A mathematical study of effects of delays arising from the interaction of anti-drug antibody and therapeutic protein in the immune response system

• Main Authors: Kasbawati, Mariani, Nur Erawaty, Naimah Aris
• Format: Article
• Language: English
• Published: AIMS Press 2020-09-01
• Series: AIMS Mathematics
• Subjects: immunogenicity; anti-drug antibody; therapeutic protein; delay differential equations; stability; hopf bifurcation
• Online Access: https://www.aimspress.com/article/10.3934/math.2020460/fulltext.html

Immunogenicity is the ability of substances to evoke an immune response such as a therapeutic protein drug that is considered as a foreign object in the human body.

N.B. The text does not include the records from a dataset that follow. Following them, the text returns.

Lemma mu_aut e : e \in E -> ring_aut (mu e).
Proof.
move=> eE; have ee := E_idem HS eE; have en := E_neq0 HS eE.
have peE := phi_idem_mem eE; have pen := E_neq0 HS peE.
have Ua := xi_idem_unit HS Hax peE; have Ub := xi_idem_unit HS Hbz eE.
split.
- rewrite /mu mul1r (_ : mono _ e = eps HS Hbz e) // g_eps // /eps /idm -phi_idem //.
  by rewrite coef_mono pen eqxx mulVr.
- by move=> x y; rewrite /mu mulrDl monoD gD coefD mulrDl.
- move=> x y.
  have xy : (mono (x * y * (zeta e e)^-1) e : B) =
      (mono (x * (zeta e e)^-1) e : B) * (mono (y * (zeta e e)^-1) e : B).
    rewrite twmulE (twmul_mono HS Hbz) ee (alpha_idem HS Hbz _ eE).
    by congr mono; rewrite !mulrA !mulrVK.
  have := congr1 g xy; rewrite gM !iso_mono_idem // twmulE (twmul_mono HS Hax).
  rewrite (E_idem HS peE) (alpha_idem HS Hax _ peE) => /(mono_inj pen).
  rewrite !mulrA !mulrVK // => /(congr1 (fun z => z * xi (phi e) (phi e))).
  by rewrite !mulrVK.
- pose mu_inv c := coef (gi (mono (c * (xi (phi e) (phi e))^-1) (phi e))) e * zeta e e.
  exists mu_inv => [d|c].
    by rewrite /mu_inv -iso_mono_idem // gK coef_mono en eqxx /= mulrVK.
  set z : A := mono (c * (xi (phi e) (phi e))^-1) (phi e).
  have ez : in_corner mul alpha xi (pi e) (pi e) (z : A).
    by apply: (mono_in_corner HS Hax _ (piE eE) (piE eE)); rewrite phi_idem // (E_idem HS (piE eE)).
  have ez' : in_corner mul beta zeta e e (gi z).
    change (eps HS Hbz e * gi z * eps HS Hbz e = gi z).
    have <- : gi (eps HS Hax (pi e)) = eps HS Hbz e by rewrite -g_eps // gK.
    by rewrite -!giM; congr gi; apply: ez.
  rewrite /mu /mu_inv mulrK // -(corner_mono HS Hbz eE eE ez' en ee ee) giK.
  by rewrite /z coef_mono pen eqxx /= mulrVK.
Qed.

Lemma eta_unit s : s != th -> eta s \is a GRing.unit.
Proof.
move=> sn; have [e [f [eE fE es sf]]] := exists_corner HS s.
by have [_ _ _ en _] := iso_mono1 sn eE fE es sf; apply: HD.
Qed.

Lemma iso_mono1_mul s t : s != th -> t != th ->
  g ((mono 1 s : B) * (mono 1 t : B)) =
  mono (eta s * alpha (phi s) (eta t) * xi (phi s) (phi t)) (mul (phi s) (phi t)).
Proof.
move=> sn tn; have [e [f [eE fE es sf]]] := exists_corner HS s.
have [e' [f' [e'E f'E e't tf']]] := exists_corner HS t.
have [_ _ _ _ gs] := iso_mono1 sn eE fE es sf; have [_ _ _ _ gt] := iso_mono1 tn e'E f'E e't tf'.
by rewrite gM gs gt twmulE (twmul_mono HS Hax).
Qed.

Lemma phi_mul_eta s t e : mul s t != th -> e \in E -> mul e s = s ->
  phi (mul s t) = mul (phi s) (phi t) /\
  mu e (zeta s t) * eta (mul s t) = eta s * alpha (phi s) (eta t) * xi (phi s) (phi t).
Proof.
move=> st eE es; have sn := mul_neq0l HS st; have tn := mul_neq0r HS st.
have est : mul e (mul s t) = mul s t by rewrite -(mulsA HS) es.
have := iso_mono1_mul sn tn.
rewrite twmulE (twmul_mono HS Hbz) (alpha1 Hbz sn) mulr1 mul1r (iso_mono _ st eE est).
have [e0 [f0 [e0E f0E e0s s0f]]] := exists_corner HS (mul s t).
have [pn _ _ _ _] := iso_mono1 st e0E f0E e0s s0f.
have cn : mu e (zeta s t) * eta (mul s t) != 0.
  apply/negP => /eqP c0; move: (eta_unit st).
  by rewrite -(unitrMr _ (ring_aut_unit (mu_aut eE) (xi_unit Hbz st))) c0 unitr0.
by move/(mono_eq pn cn) => [-> ->].
Qed.

Lemma phi_mul_th s t : s != th -> t != th -> mul s t = th -> mul (phi s) (phi t) = th.
Proof.
move=> sn tn st; have := iso_mono1_mul sn tn.
rewrite twmulE (twmul_mono HS Hbz) st mono_th g0 => gst.
have [e [f [eE fE es sf]]] := exists_corner HS s.
have [pn _ _ _ _] := iso_mono1 sn eE fE es sf.
apply/eqP; apply: contraT => nz.
have : eta s * alpha (phi s) (eta t) * xi (phi s) (phi t) \is a GRing.unit.
  rewrite unitrMl ?(xi_unit Hax) // unitrMr ?eta_unit //.
  exact: (ring_aut_unit (alpha_aut Hax pn) (eta_unit tn)).
by rewrite (mono_eq0 nz (esym gst)) unitr0.
Qed.

Lemma phi_mul s t : phi (mul s t) = mul (phi s) (phi t).
Proof.
have [->|sn] := eqVneq s th; first by rewrite (mul0s HS) phi_th (mul0s HS).
have [->|tn] := eqVneq t th; first by rewrite (muls0 HS) phi_th (muls0 HS).
have [st|st] := eqVneq (mul s t) th; first by rewrite st phi_th (phi_mul_th sn tn st).
have [e [f [eE fE es sf]]] := exists_corner HS s.
by case: (phi_mul_eta st eE es).
Qed.

Lemma phi_inj : injective phi.
Proof.
have phin s : s != th -> phi s != th.
  by move=> sn; have [e [f [eE fE es sf]]] := exists_corner HS s; case: (iso_mono1 sn eE fE es sf).
move=> s s' ss'.
have [s0|sn] := eqVneq s th.
  by apply/eqP; apply: contraT; rewrite s0 eq_sym => /phin; rewrite -ss' s0 phi_th eqxx.
have [s'0|s'n] := eqVneq s' th; first by move: (phin s sn); rewrite ss' s'0 phi_th eqxx.
have [e [f [eE fE es sf]]] := exists_corner HS s.
have [e' [f' [e'E f'E es' sf']]] := exists_corner HS s'.
have [pn h1 h2 _ _] := iso_mono1 sn eE fE es sf.
have [_ h1' h2' _ _] := iso_mono1 s'n e'E f'E es' sf'; rewrite -ss' in h1' h2'.
have ee : e = e' by apply: piI => //; apply: (left_idem_uniq HS (piE eE) (piE e'E) pn).
have ff : f = f' by apply: piI => //; apply: (right_idem_uniq HS (piE fE) (piE f'E) pn).
by rewrite -ee -ff in es' sf'; apply: (corner_uniq HS eE fE sn s'n es sf es' sf').
Qed.

Lemma phi_aut : semigroup_aut mul phi.
Proof. by split; [apply: injF_bij phi_inj | apply: phi_mul]. Qed.

(* Compare the images of (1 s) * (x f) = (beta_s(x) zeta(s,f)) s; the case x = 1 removes zeta. *)
Lemma mu_beta s e f x : s != th -> e \in E -> f \in E -> mul e s = s -> mul s f = s ->
  mu e (beta s x) = eta s * alpha (phi s) (mu f x) * (eta s)^-1.
Proof.
move=> sn eE fE es sf; have fn := E_neq0 HS fE; have ff := E_idem HS fE.
have [pn _ spf _ gs] := iso_mono1 sn eE fE es sf.
have img y : eta s * alpha (phi s) (mu f y * eta f) * xi (phi s) (pi f) =
             mu e (beta s y * zeta s f) * eta s.
  have gsy : g ((mono 1 s : B) * (mono y f : B)) = g (mono (beta s y * zeta s f) s : B).
    by rewrite twmulE (twmul_mono HS Hbz) sf mul1r.
  rewrite gM gs (iso_mono y fn fE ff) (iso_mono _ sn eE es) twmulE in gsy.
  by rewrite (twmul_mono HS Hax) (phi_idem fE) spf in gsy; apply: (mono_inj pn gsy).
have [mu1 _ muM _] := mu_aut eE; have [muf1 _ _ _] := mu_aut fE.
have img1 := img 1; rewrite (alpha1 Hbz sn) mul1r muf1 mul1r in img1.
have KU : alpha (phi s) (eta f) * xi (phi s) (pi f) \is a GRing.unit.
  rewrite unitrMl ?(xi_unit Hax) ?spf //.
  exact: (ring_aut_unit (alpha_aut Hax pn) (eta_unit fn)).
have : (eta s * alpha (phi s) (mu f x)) * (alpha (phi s) (eta f) * xi (phi s) (pi f)) =
       (mu e (beta s x) * eta s) * (alpha (phi s) (eta f) * xi (phi s) (pi f)).
  transitivity (mu e (beta s x * zeta s f) * eta s).
    by rewrite -img (alphaM Hax _ _ pn) !mulrA.
  by rewrite muM -mulrA -img1 !mulrA.
by move/(mulIr KU) => ->; rewrite mulrK ?eta_unit.
Qed.

Lemma phi_coh : cohomologous mul th E (fun s => alpha (phi s)) (fun s t => xi (phi s) (phi t))
  beta zeta.
Proof.
exists mu, eta; split.
- exact: mu_aut.
- exact: eta_unit.
- move=> s e f sn eE fE /(corner_split HS eE fE) [es sf] x.
  exact: mu_beta.
- move=> s t e f st eE fE /(corner_split HS eE fE) [es _].
  by have [_ <-] := phi_mul_eta st eE es; rewrite mulrK ?eta_unit.
Qed.

End NormalizedIso.

Lemma twalg_iso_coh (S : finType) (mul : S -> S -> S) (th : S) (E : {set S})
  (HS : square_free mul th E) (D : unitRingType) (HD : division_ring D)
  (alpha beta : S -> D -> D) (xi zeta : S -> S -> D)
  (Hax : cocycle mul th alpha xi) (Hbz : cocycle mul th beta zeta) :
  twalg_iso mul th beta zeta alpha xi ->
  exists phi : S -> S, semigroup_aut mul phi /\
    cohomologous mul th E (fun s => alpha (phi s)) (fun s t => xi (phi s) (phi t)) beta zeta.
Proof.
case=> f [[fi fK fiK] fD fM].
pose F : tw HS Hbz -> tw HS Hax := f; pose Fi : tw HS Hax -> tw HS Hbz := fi.
have [pi [u [v [piE piI vu uv uFv]]]] := iso_conj_eps HD (f := F) fK fiK fD fM.
pose g z := u * F z * v; pose gi z := Fi (v * z * u).
have gK : cancel g gi.
  by move=> z; rewrite /g /gi !mulrA vu mul1r -mulrA vu mulr1 /Fi /F fK.
have giK : cancel gi g.
  by move=> z; rewrite /g /gi /Fi /F fiK !mulrA uv mul1r -mulrA uv mulr1.
have gD : {morph g : x y / x + y} by move=> x y; rewrite /g /F fD mulrDr mulrDl.
have gM : {morph g : x y / x * y}.
  by move=> x y; rewrite /g /F [f _]fM -!mulrA (mulrA v) vu mul1r.
exists (phi g); split; first exact: (phi_aut HD gK giK gD gM piE piI uFv).
exact: (phi_coh HD gK giK gD gM piE uFv).
Qed.

(** * From thin cohomology to ring isomorphisms *)

Section CohomologousIso.
Variables (S : finType) (mul : S -> S -> S) (th : S) (E : {set S}).
Hypothesis HS : square_free mul th E.
Variables (D : unitRingType) (alpha beta : S -> D -> D) (xi zeta : S -> S -> D).
Hypotheses (Hax : cocycle mul th alpha xi) (Hbz : cocycle mul th beta zeta).
Variables (phi : S -> S) (Hphi : semigroup_aut mul phi) (mu : S -> D -> D) (eta : S -> D).
Hypothesis Hact : acts_to mul th E mu eta (fun s => alpha (phi s))
  (fun s t => xi (phi s) (phi t)) beta zeta.
Local Notation tA := (@twmul S mul th D alpha xi).
Local Notation tB := (@twmul S mul th D beta zeta).

Let phiM s t : phi (mul s t) = mul (phi s) (phi t). Proof. by case: Hphi. Qed.
Let phi_bij : bijective phi. Proof. by case: Hphi. Qed.

Lemma aut_th : phi th = th.
Proof.
have [phi_inv _ phiK] := phi_bij.
have phi_th t : mul (phi th) t = phi th by rewrite -[t]phiK -phiM (mul0s HS).
by rewrite -(phi_th th) (muls0 HS).
Qed.

Lemma aut_neq0 s : s != th -> phi s != th.
Proof. by apply: contraNneq => s0; apply/eqP/(bij_inj phi_bij); rewrite s0 aut_th. Qed.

The rise of the immune response results in the production of Anti-Drug Antibody (ADA) that requires a certain period to be activated since it is influenced by the number of injected doses of the drug. The entry of ADA from the depot into the plasma also requires a certain period since the ADA must pass through a series of compartments, hence rises a delay. Both processes are considered as a natural process where the system experiences delay with different delay periods. Immunogenicity on therapeutic protein pharmacokinetics is modelled as a nonlinear delay differential system. From the formulated model, one positive equilibrium solution is obtained under some conditions. Qualitative analysis gives a pair of critical delays in terms of a time delay of the accumulation of protein drug injection and a time required by the ADA to enter the plasma and binding the drug in the plasma. Numerical simulations show that the critical delays result in the appearance of oscillatory behavior in the system. For the system to remain stable, the entering process of ADA into the plasma is delayed in accordance with the obtained critical delay. It is intended such that the injected therapeutic protein drugs provide an optimal effect.